**WHAT TO DO**
Please copy out the entries below exactly, beginning with the line that contains "2 * j, k * p + j)" and ending with the line that contains "have enp : (n", and include nothing outside that span.

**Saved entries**
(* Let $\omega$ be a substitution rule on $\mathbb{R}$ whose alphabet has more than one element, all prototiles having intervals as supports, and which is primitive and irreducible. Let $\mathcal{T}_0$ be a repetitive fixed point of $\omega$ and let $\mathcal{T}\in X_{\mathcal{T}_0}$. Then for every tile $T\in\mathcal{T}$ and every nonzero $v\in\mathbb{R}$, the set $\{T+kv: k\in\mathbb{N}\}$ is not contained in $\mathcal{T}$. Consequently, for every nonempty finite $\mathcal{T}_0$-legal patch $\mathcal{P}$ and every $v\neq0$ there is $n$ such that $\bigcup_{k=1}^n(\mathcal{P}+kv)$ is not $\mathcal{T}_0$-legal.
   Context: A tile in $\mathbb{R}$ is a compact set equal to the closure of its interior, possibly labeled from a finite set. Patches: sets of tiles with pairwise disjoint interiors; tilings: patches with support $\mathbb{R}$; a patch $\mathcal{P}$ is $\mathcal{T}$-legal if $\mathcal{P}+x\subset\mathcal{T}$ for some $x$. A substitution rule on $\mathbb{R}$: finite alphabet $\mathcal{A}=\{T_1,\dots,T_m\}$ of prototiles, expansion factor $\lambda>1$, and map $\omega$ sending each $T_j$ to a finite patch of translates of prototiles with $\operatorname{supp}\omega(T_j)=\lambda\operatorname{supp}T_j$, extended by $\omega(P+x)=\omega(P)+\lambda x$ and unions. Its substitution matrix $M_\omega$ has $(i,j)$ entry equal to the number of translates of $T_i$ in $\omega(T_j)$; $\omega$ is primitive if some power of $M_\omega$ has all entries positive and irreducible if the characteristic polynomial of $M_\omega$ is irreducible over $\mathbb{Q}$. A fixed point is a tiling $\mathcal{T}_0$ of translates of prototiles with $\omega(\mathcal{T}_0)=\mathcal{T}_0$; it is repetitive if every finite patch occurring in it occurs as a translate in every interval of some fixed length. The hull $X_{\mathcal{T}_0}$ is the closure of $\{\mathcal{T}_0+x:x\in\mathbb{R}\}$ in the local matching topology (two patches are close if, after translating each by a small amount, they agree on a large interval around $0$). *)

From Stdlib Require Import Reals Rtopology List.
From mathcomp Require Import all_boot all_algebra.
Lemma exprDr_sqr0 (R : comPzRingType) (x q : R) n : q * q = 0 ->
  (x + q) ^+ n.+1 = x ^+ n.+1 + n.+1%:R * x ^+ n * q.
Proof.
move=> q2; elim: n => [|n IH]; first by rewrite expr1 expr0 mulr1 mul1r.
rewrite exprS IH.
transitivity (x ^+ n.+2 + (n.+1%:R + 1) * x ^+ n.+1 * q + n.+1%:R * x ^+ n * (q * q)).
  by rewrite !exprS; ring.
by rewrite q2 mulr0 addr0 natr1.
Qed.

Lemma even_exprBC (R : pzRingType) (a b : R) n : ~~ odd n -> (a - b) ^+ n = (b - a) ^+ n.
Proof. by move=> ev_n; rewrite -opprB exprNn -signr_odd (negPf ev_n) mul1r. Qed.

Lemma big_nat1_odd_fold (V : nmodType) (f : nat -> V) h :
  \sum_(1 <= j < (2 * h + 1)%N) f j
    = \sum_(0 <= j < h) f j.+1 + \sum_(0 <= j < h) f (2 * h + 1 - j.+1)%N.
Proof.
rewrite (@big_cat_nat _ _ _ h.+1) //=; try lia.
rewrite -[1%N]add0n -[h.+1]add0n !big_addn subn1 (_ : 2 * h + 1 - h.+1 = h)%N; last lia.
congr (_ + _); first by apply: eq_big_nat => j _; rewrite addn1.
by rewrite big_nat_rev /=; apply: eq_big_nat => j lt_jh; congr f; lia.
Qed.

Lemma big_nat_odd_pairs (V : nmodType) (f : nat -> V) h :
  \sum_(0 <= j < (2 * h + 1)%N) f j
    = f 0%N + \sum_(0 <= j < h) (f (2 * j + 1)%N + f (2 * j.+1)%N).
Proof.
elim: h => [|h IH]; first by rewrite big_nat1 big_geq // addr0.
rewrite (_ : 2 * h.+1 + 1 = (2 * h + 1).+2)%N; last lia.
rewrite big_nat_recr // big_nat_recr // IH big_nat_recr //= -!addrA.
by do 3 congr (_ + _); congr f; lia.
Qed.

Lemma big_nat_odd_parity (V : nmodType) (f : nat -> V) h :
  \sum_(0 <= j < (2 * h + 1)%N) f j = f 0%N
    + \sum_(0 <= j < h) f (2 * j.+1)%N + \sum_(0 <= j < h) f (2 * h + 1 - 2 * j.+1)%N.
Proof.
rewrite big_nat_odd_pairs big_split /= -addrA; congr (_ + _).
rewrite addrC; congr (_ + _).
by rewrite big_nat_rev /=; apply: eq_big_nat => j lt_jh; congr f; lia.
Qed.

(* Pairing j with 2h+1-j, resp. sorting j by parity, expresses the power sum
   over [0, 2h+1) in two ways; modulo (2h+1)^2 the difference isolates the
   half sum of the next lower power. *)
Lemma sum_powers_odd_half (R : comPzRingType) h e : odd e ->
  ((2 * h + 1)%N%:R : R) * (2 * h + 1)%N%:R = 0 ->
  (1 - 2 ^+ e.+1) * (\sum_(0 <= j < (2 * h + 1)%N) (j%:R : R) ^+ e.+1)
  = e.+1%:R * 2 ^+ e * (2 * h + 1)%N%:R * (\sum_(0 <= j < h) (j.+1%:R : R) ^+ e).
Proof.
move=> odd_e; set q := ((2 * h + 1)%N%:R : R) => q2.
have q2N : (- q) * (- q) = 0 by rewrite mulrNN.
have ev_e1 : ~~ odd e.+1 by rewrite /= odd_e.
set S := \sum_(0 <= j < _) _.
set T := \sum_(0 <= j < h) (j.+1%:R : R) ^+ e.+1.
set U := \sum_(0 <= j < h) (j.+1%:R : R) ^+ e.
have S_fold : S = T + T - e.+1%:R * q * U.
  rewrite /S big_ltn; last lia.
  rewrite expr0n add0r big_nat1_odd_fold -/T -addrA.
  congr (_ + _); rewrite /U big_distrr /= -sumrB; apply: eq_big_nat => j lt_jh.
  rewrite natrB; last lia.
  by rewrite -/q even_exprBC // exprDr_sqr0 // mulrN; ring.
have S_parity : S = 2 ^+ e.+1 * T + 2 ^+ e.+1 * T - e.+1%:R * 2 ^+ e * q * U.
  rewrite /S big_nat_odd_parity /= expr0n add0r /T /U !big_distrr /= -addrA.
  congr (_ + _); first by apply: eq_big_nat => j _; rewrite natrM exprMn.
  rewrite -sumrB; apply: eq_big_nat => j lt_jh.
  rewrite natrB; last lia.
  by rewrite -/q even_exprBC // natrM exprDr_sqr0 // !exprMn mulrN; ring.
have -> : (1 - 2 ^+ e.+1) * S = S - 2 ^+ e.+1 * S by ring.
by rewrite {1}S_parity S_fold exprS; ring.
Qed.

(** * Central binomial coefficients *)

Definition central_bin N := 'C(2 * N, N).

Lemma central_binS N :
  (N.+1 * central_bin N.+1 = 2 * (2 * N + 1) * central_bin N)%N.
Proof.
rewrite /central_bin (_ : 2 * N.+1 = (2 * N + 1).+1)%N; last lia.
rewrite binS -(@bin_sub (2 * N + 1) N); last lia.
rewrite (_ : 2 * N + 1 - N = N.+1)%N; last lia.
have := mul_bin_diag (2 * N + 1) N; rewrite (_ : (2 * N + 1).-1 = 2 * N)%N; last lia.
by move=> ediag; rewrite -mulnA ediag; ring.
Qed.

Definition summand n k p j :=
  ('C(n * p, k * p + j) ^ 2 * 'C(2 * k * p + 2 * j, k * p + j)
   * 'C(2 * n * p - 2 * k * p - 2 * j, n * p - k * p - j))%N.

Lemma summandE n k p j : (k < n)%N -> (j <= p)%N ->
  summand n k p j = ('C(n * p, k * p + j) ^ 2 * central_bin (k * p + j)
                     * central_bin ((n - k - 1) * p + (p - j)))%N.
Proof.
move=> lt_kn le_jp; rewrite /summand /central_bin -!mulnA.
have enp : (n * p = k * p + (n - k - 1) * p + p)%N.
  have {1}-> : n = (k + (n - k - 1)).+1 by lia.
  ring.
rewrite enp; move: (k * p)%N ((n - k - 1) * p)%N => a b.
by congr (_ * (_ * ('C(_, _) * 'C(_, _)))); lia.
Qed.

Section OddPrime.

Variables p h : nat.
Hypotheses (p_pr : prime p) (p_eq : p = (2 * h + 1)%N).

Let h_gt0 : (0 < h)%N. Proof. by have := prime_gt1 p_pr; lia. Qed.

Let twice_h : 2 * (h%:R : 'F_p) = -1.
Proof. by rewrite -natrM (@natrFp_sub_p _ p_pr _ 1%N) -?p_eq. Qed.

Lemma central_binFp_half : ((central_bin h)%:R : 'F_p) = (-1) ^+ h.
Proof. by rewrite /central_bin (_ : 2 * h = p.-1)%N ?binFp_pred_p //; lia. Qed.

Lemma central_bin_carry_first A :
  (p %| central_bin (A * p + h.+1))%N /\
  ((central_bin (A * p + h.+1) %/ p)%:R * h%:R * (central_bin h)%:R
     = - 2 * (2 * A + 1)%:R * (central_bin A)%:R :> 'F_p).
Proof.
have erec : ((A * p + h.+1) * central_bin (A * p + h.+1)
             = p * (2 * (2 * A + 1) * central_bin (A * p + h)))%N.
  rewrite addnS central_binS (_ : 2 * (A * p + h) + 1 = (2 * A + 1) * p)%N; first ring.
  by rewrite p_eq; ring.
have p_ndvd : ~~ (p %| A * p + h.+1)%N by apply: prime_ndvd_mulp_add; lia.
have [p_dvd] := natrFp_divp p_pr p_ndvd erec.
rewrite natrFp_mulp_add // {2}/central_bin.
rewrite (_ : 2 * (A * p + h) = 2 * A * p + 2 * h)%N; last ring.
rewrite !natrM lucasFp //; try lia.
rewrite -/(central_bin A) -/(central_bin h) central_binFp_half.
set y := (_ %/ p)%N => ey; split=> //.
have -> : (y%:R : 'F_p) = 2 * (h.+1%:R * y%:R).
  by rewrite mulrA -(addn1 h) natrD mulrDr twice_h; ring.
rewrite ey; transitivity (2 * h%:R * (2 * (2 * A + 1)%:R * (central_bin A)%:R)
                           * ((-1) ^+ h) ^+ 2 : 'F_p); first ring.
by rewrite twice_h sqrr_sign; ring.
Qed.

**RESULT BELOW**
  ('C(n * p, k * p + j) ^ 2 * 'C(2 * k * p + 2 * j, k * p + j)
   * 'C(2 * n * p - 2 * k * p - 2 * j, n * p - k * p - j))%N.

Lemma summandE n k p j : (k < n)%N -> (j <= p)%N ->
  summand n k p j = ('C(n * p, k * p + j) ^ 2 * central_bin (k * p + j)
                     * central_bin ((n - k - 1) * p + (p - j)))%N.
Proof.
move=> lt_kn le_jp; rewrite /summand /central_bin -!mulnA.
have enp : (n * p = k * p + (n - k - 1) * p + p)%N.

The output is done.